The elevator's glyph-image is associated with the outer/inner symmetries begun demonically in Ullman's office, except in this new form there is both asymmetry in frame and at center a brilliant animation in cutting: look closely dead center is the elevator's left call button, an incongruous and sly overdesign (why does an elevator bank require two request buttons). Incredibly, this is a direct portal with 2001, combining color (the red and the red of HAL's eye) and the form (the button-light) merging HAL 9000's eye with this elevator bank. Why? They are both masks of murderers, and they are intelligences that discovered murder in revolt to the paradox they were created/conquered by. There are complex differences as well. The hotel's manifest intelligence is asymmetric and analog in contrast to HAL's exhibited symmetry and perceived digital. They are opposite. If the view into Ullman's room is a (possibly illusory, see below) portal to a skylit (upper) ghosting-form through native wave-lightning patterns broken by a change in visual-cognizance (the asymmetry hiding behind symmetry), then the elevator bank's asymmetry is a function of Kubrick's exacting frame (HAL is a cyclops, the elevator bank is cockeyed: the way Kubrick views it for us), a metamorphosis that combines what is seen in Ullman's office into a central mask.
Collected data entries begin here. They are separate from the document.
Lemma seq_qcomm m :
  [/\ u m \is a GRing.unit, v m \is a GRing.unit & u m * v m = v m * C * u m].
Proof.
elim: m => [|m [uu uv q]]; first by [].
have [uu' q'] := seq_qcomm_u uu uv q.
by have [] := qcomm_next Ddiv (e := 4) isT C_neq1 uC uv uu' q' (v_rec m).
Qed.

Lemma psi_seq_const m : psi (u m) (v m) = psi (u 0) (v 0).
Proof.
elim: m => // m <-; have [uu uv q] := seq_qcomm m; have [uu' uv' _] := seq_qcomm m.+1.
have [_ q'] := seq_qcomm_u uu uv q.
by rewrite (psi_eq_phi_next uu uv uu' q (u_rec m)) (phi_eq_psi_next uu' uv uv' q' (v_rec m)).
Qed.

Lemma seq_recurrence m : u m.+2 + C * u m = psi (u 0) (v 0) * u m.+1.
Proof.
have [uu uv q] := seq_qcomm m.+1.
by rewrite (psi_recurrence uC uu uv q (u_rec m.+1) (v_rec m) (u_rec m)) psi_seq_const.
Qed.

End QuasiCommutingSequence.

Lemma recurrence_closed (R : pzRingType) (P : R -> Prop) (g A B : R) (u : nat -> R) :
    (forall a b, P a -> P b -> P (a + b)) -> (forall a b, P a -> P b -> P (a * b)) ->
    P g -> P A -> P B -> P (u 0) -> P (u 1 - g * u 0) ->
    (forall m, u m.+2 + B * g * u m = (g + B + A) * u m.+1) ->
  forall m, P (u m).
Proof.
move=> PD PM Pg PA PB Pu0 Pd0 urec.
suff Pu m : P (u m) /\ P (u m.+1 - g * u m) by move=> m; case: (Pu m).
elim: m => [|m [Pu Pd]]; first by [].
have Pu' : P (u m.+1) by rewrite -(subrK (g * u m) (u m.+1)); apply: PD => //; apply: PM.
split=> //.
have -> : u m.+2 - g * u m.+1 = A * u m.+1 + B * (u m.+1 - g * u m).
  rewrite -[u m.+2](addrK (B * g * u m)) urec mulrBr !mulrA !mulrDl.
  by rewrite (@GRing.add R).[ACl (1*5)*(3*(2*4))] subrr add0r.
by apply: PD; apply: PM.
Qed.

Section NonnegLaurent.
Variables (D : unitRingType) (x y : D).

Lemma nonneg_laurentD a b :
  nonneg_laurent x y a -> nonneg_laurent x y b -> nonneg_laurent x y (a + b).
Proof. by move=> [s ->] [t ->]; exists (s ++ t); rewrite big_cat. Qed.

Lemma nonneg_laurentM a b :
  nonneg_laurent x y a -> nonneg_laurent x y b -> nonneg_laurent x y (a * b).
Proof.
move=> [s ->] [t ->].
exists [seq ((p.1 * q.1)%N, p.2 ++ q.2) | p <- s, q <- t].
rewrite big_allpairs_dep mulr_suml; apply: eq_bigr => p _.
rewrite mulr_sumr; apply: eq_bigr => q _ /=.
rewrite natrM /lword_eval big_cat -!mulrA; congr (_ * _).
by rewrite !mulrA (commr_nat _ q.1).
Qed.

Lemma nonneg_laurent_letter (l : bool * bool) :
  nonneg_laurent x y (let v := if l.1 then y else x in if l.2 then v^-1 else v).
Proof.
exists [:: (1%N, [:: l])].
by rewrite big_seq1 mul1r /lword_eval big_seq1.
Qed.

Lemma nonneg_laurent_x : nonneg_laurent x y x.
Proof. exact: nonneg_laurent_letter (false, false). Qed.

Lemma nonneg_laurent_y : nonneg_laurent x y y.
Proof. exact: nonneg_laurent_letter (true, false). Qed.

Lemma nonneg_laurent_xV : nonneg_laurent x y x^-1.
Proof. exact: nonneg_laurent_letter (false, true). Qed.

Lemma nonneg_laurent_yV : nonneg_laurent x y y^-1.
Proof. exact: nonneg_laurent_letter (true, true). Qed.

End NonnegLaurent.

#[local] Hint Resolve nonneg_laurentD nonneg_laurentM nonneg_laurent_x nonneg_laurent_y
  nonneg_laurent_xV nonneg_laurent_yV : core.

Section InitialValues.
Variables (D : unitRingType) (x y : D).
Hypotheses (ux : x \is a GRing.unit) (uy : y \is a GRing.unit).

Lemma commutator_factor : x * y / x / y = x * x / y * (y / x * y / x / y).
Proof. by rewrite !mulrA (mulrVK uy) (mulrK ux). Qed.

Lemma psi_initial :
  psi (y * x / y) y = y / x * y / x / y + x * x / y + (x^-1 + x^-1 * y + y / x) / x / y.
Proof.
have u0V : (y * x / y)^-1 = y / x / y by rewrite !invrM ?unitrMl ?unitrV // invrK mulrA.
have cross_term :
    y^-1 * ((1 + y) * (y / x / y) * (1 + y)) * (y / x / y) = (1 + y) / x * (1 + y) / x / y.
  by rewrite !mulrA -{1}(mul1r y^-1) !(mulrV1DK _ uy) mul1r.
have cube_term : y^-1 * (y * x / y) ^+ 3 * (y / x / y) = x * x / y.
  by rewrite !exprS expr0 mulr1 !mulrA (mulVr uy) mul1r !(mulrVK uy) (mulrK ux).
rewrite /psi /G u0V mulrDr mulrDl cross_term cube_term !(mulrDl, mulrDr) !(mul1r, mulr1) !addrA.
by rewrite [LHS](@GRing.add D).[ACl 4*5*1*3*2].
Qed.

Lemma initial_difference (u1 : D) : u1 * (x * y / x / y) * (y * x / y) = 1 + y ->
  u1 - y / x * y / x / y * (y * x / y) = x^-1.
Proof.
have Cu0 : x * y / x / y * (y * x / y) = x.
  by rewrite !mulrA (mulrVK uy) (mulrVK ux) (mulrK uy).
rewrite -mulrA Cu0 => ex; have -> : u1 = (1 + y) / x by rewrite -ex (mulrK ux).
by rewrite !mulrA (mulrVK uy) (mulrVK ux) (mulrK uy) mulrDl mul1r addrK.
Qed.

Lemma qcomm_initial : y * x / y * y = y * (x * y / x / y) * (y * x / y).
Proof. by rewrite !mulrA !(mulrVK uy) (mulrVK ux) (mulrK uy). Qed.

End InitialValues.

Lemma free_skew_field_noncomm (K : fieldType) (D : unitAlgType K) (x y : D) :
  is_free_skew_field x y -> x * y != y * x.
Proof.
case=> _ _ Dfull.
(* The 1 x 1 matrix [xy - yx] is full, since a factorization through 0 columns has
   zero coefficients; so xy - yx is invertible in D. *)
pose p : ncp K := [:: (1, [:: false; true]); (-1, [:: true; false])].
have p_full : ncmx_full (fun _ _ : 'I_1 => p).
  case=> // _ [P [Q /(_ ord0 ord0 [:: false; true])]].
  rewrite enum_ord0 /= /ncp_coef !big_cons big_nil /= => /eqP.
  by rewrite addr0 oner_eq0.
have [B [pB _]] := Dfull 1%N _ p_full.
apply/negP => /eqP xy_comm.
have p_eval : ncp_eval x y p = 0.
  rewrite /ncp_eval /word_eval !(big_cons, big_nil) /=.
  by rewrite !mulr1 scale1r scaleN1r addr0 xy_comm subrr.
have := congr1 (fun M : 'M[D]_1 => M ord0 ord0) pB.
by rewrite !mxE big_ord1 mxE p_eval mul0r => /eqP; rewrite eq_sym oner_eq0.
Qed.

Lemma free_skew_field_commutator (K : fieldType) (D : unitAlgType K) (x y : D) :
    is_free_skew_field x y ->
  [/\ x \is a GRing.unit, y \is a GRing.unit & x * y / x / y != 1].
Proof.
move=> HD; have nc := free_skew_field_noncomm HD; have [Ddiv _ _] := HD.
have ux : x \is a GRing.unit by apply: Ddiv; apply: contraNneq nc => ->; rewrite mul0r mulr0.
have uy : y \is a GRing.unit by apply: Ddiv; apply: contraNneq nc => ->; rewrite mul0r mulr0.
split=> //; apply: contraNneq nc => C1.
by rewrite -[y * x]mul1r -C1 !mulrA (mulrVK uy) (mulrVK ux).
Qed.

Lemma nonneg_laurent_seq (K : closedFieldType) (D : unitAlgType K) (x y : D)
    (u v : nat -> D) :
    (forall a : D, a != 0 -> a \is a GRing.unit) ->
    x \is a GRing.unit -> y \is a GRing.unit -> x * y / x / y != 1 ->
    (forall m, u m.+1 * (x * y / x / y) * u m = 1 + v m) ->
    (forall m, v m.+1 * (x * y / x / y) * v m = 1 + u m.+1 ^+ 4) ->
    u 0 = y * x / y -> v 0 = y ->
  forall m, nonneg_laurent x y (u m).
Proof.
move=> Ddiv ux uy C_neq1 u_rec v_rec u0 v0.
have uC : x * y / x / y \is a GRing.unit by rewrite !unitrMl ?unitrV.
have uu0 : u 0 \is a GRing.unit by rewrite u0 !unitrMl ?unitrV.
have uv0 : v 0 \is a GRing.unit by rewrite v0.
have q0 : u 0 * v 0 = v 0 * (x * y / x / y) * u 0 by rewrite u0 v0 qcomm_initial.
apply: (recurrence_closed (P := nonneg_laurent x y) (u := u) (g := y / x * y / x / y)
  (A := (x^-1 + x^-1 * y + y / x) / x / y) (B := x * x / y)); auto 10.
- by rewrite u0; auto.
- by have := u_rec 0; rewrite u0 v0 => /(initial_difference ux uy) ->.
move=> m; have := seq_recurrence Ddiv uC C_neq1 u_rec v_rec uu0 uv0 q0 m.
by rewrite u0 v0 (psi_initial ux uy) (commutator_factor ux uy).
Qed.

Theorem corollary4p4 (R : realType) (D : unitAlgType R[i]) (x y : D)
  (HD : is_free_skew_field x y) (Rs : int -> D) :
  let C := x * y * x^-1 * y^-1 in
  (forall n : int, Rs (2 * n) * C * Rs (2 * n - 2) = 1 + Rs (2 * n - 1)) ->
  (forall n : int, Rs (2 * n + 1) * C * Rs (2 * n - 1) = 1 + Rs (2 * n) ^+ 4) ->
  Rs 0 = y * x * y^-1 ->
  Rs 1 = y ->
  forall n : nat, nonneg_laurent x y (Rs (2 * n%:Z)).
Proof.
move=> C H1 H2 R0 R1; have [Ddiv _ _] := HD.
have [ux uy C_neq1] := free_skew_field_commutator HD.
apply: (nonneg_laurent_seq (u := fun m : nat => Rs (2 * m%:Z))
  (v := fun m : nat => Rs (2 * m%:Z + 1)) Ddiv ux uy C_neq1) => [m|m||] /=.
- have := H1 m.+1; have -> : 2 * m.+1%:Z - 2 = 2 * m%:Z by lia.
  by have -> : 2 * m.+1%:Z - 1 = 2 * m%:Z + 1 by lia.
- by have := H2 m.+1; have -> : 2 * m.+1%:Z - 1 = 2 * m%:Z + 1 by lia.
- by rewrite mulr0.
- by rewrite mulr0 add0r.
Qed.
Lemma crd_f1 : crd f1 = (1, 0, 0)%R.
Proof.
by apply: crd_word => //; rewrite /heis_word; cbn [fst snd]; rewrite Fp_val1 // expg1 !expg0 !mulg1.
Qed.

Lemma crd_f2 : crd f2 = (0, 1, 0)%R.
Proof.
apply: crd_word => //; rewrite /heis_word; cbn [fst snd].
by rewrite Fp_val1 // expg1 !expg0 mulg1 mul1g.
Qed.

Lemma crd_f3 : crd f3 = (0, 0, 1)%R.
Proof.
by apply: crd_word => //; rewrite /heis_word; cbn [fst snd]; rewrite Fp_val1 // expg1 !expg0 !mul1g.
Qed.

Lemma crd_ker x : x \in G -> pi x = 1 -> crd x = (0, 0, 0)%R.
Proof.
by move=> xG e; apply: crd_word; rewrite // e /heis_word; cbn [fst snd]; rewrite !expg0 !mulg1.
Qed.

Let crd1 : crd 1 = (0, 0, 0)%R. Proof. by rewrite crd_ker ?morph1. Qed.
Let crd_f4 : crd f4 = (0, 0, 0)%R. Proof. exact: crd_ker. Qed.
Let crd_f5 : crd f5 = (0, 0, 0)%R. Proof. exact: crd_ker. Qed.

Lemma crdX x k : x \in G ->
  cA (x ^+ k) = (k%:R * cA x)%R /\ cB (x ^+ k) = (k%:R * cB x)%R.
Proof.
move=> xG; elim: k => [|k [IHa IHb]]; first by rewrite expg0 crd1 /= !mul0r.
by rewrite expgS crdM ?groupX // /heis_mul /= IHa IHb mulrS; split; ring.
Qed.

Lemma comm_f4 y : y \in G -> [~ f4, y] = f5 ^+ cA y.
Proof.
move=> yG; apply/eqP; move: y yG.
apply: (G_ind (P := fun y => [~ f4, y] == f5 ^+ cA y)) => [|u v uG vG /eqP hu /eqP hv|||||].
- by rewrite crd1 commg1.
- apply/eqP; rewrite commgMJ hu hv crdM // /heis_mul /= expFpD //.
  by rewrite conjXg conj_f5 // -!expgD addnC.
- by rewrite crd_f1; cbn [fst snd]; rewrite Fp_val1 // expg1 r41.
- by rewrite crd_f2 r42.
- by rewrite crd_f3 r43.
- by rewrite crd_f4 commgg.
rewrite crd_f5; cbn [fst snd]; rewrite expg0; apply/commgP.
exact: commute_sym (f5_central f4G).
Qed.

(* The f5-exponent of [f3, y]; it is additive up to the cross term a(u) a(v)
   because 'C(., 2) is quadratic (binFpD). *)
Definition j_f3 (y : gT) : 'F_p := (('C(cA y, 2))%:R + cB y)%R.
HAL is born from perceptive and taught electrical logic (and collapses into a murderous rage, a fit of perfection) and Hotel (with elevators acts like HAL's seeing interface) is born from holocaust murder-death purified into spectral logic.
In return to Boulder, red and blue (and white, her skin) are grouped back into Wendy’s outfit.
Colors/Bears.
3rd redhead, the doctor, examines Danny by shining light into his eyes (and our last image was of a very faint point of light in the center of frame), who lies upon a brown bear pillow with the elevator's half circle eye form (protected like a native in his sleep/dreams). See the mirror both bear and doctor create. She also is dressed in brown hues, a fellow bear of the forest. Her final bodygarment is black suggesting a void, like the bear's mouth he could be swallowed up by and in motif similar to the animal illustration on the floor which duplicates every color in the room (and mimics monolith from 2001) and acts as a void. Appliques on left wall become three dimensional on right wall. Danny's eyes cross the center plane both horizontally and vertically (similar to the poster), as if he has seen beyond. The doctor mimics him in communication but does not succeed entirely ("is Tony one of your animals?"), she remains above horizon. When asked if Tony tells him to do things, he looks both left and right: he checks with both sides of himself - a sign of consciousness. He tells her he will not answer anymore questions. Danny disagrees with her request to remain in bed. A hero's defiance: he is suspicious of her motives. Wendy stares at bed from its foot, this exact stance 90 degree morphed is doubled at film’s end for a shock scene, the bear reappears at the film’s end reversed: as Wendy runs up the stairs, she spots a Bear giving head to a partygoer sitting on bed, her angle to the bed 90 degrees off this first bear. This tells us the hotel scares you with signs you are not aware of consciously: it reads your mind and later shows something you fear to you at right angles.
The movement from bedroom to living room is a series of right angles. "Shall we go into the living room." No doubt conscious of language shifting, this moniker seems normal to us, but perverse to non-English users. Kubrick repeatedly shows us the normality of this apartment and it will contrast with the monstrous impossibilities of the Hotel's design (to be explained below).
Cigarette: Doctor sits under sunlight and disappears into color void, like Ullman her hair matches the curtains, she is ghosted. Forms of curtains here are animating from Ullman's curtains: now a Navajo sunset pattern is used. Doctor's hand gestures differ when cutting, suggesting the Doctor is part of this mirror world that Wendy is not. She's contrasted in both outfit and skintone/haircolor. Wendy takes out a cigarette (a reference to Navajo/Crow peace pipe) and is interviewed. She approaches her interview on an angle unlike Jack's approach. Her unconditional retelling of Danny’s accident means she does not rewrite history. The magic of the Navajo spirit in the smoke is honored (tobacco is a truth/peace drug). Although her past is not peaceful, she does not hide from it. Wendy’s brown eyes are entirely visible. This scene occurs in Altman’s 3 Women with very different palattes. The ‘Navajo’ book pattern from the Ullman interview is centered and is the highest point in the frame in almost same spot as the office, here it is perfectly centered horizontally. Notice the shift of window left from Ullman office while the zig-zag pattern remains centered. These are Interviews, not unlike how codes and passwords are tumbled to make passages difficult.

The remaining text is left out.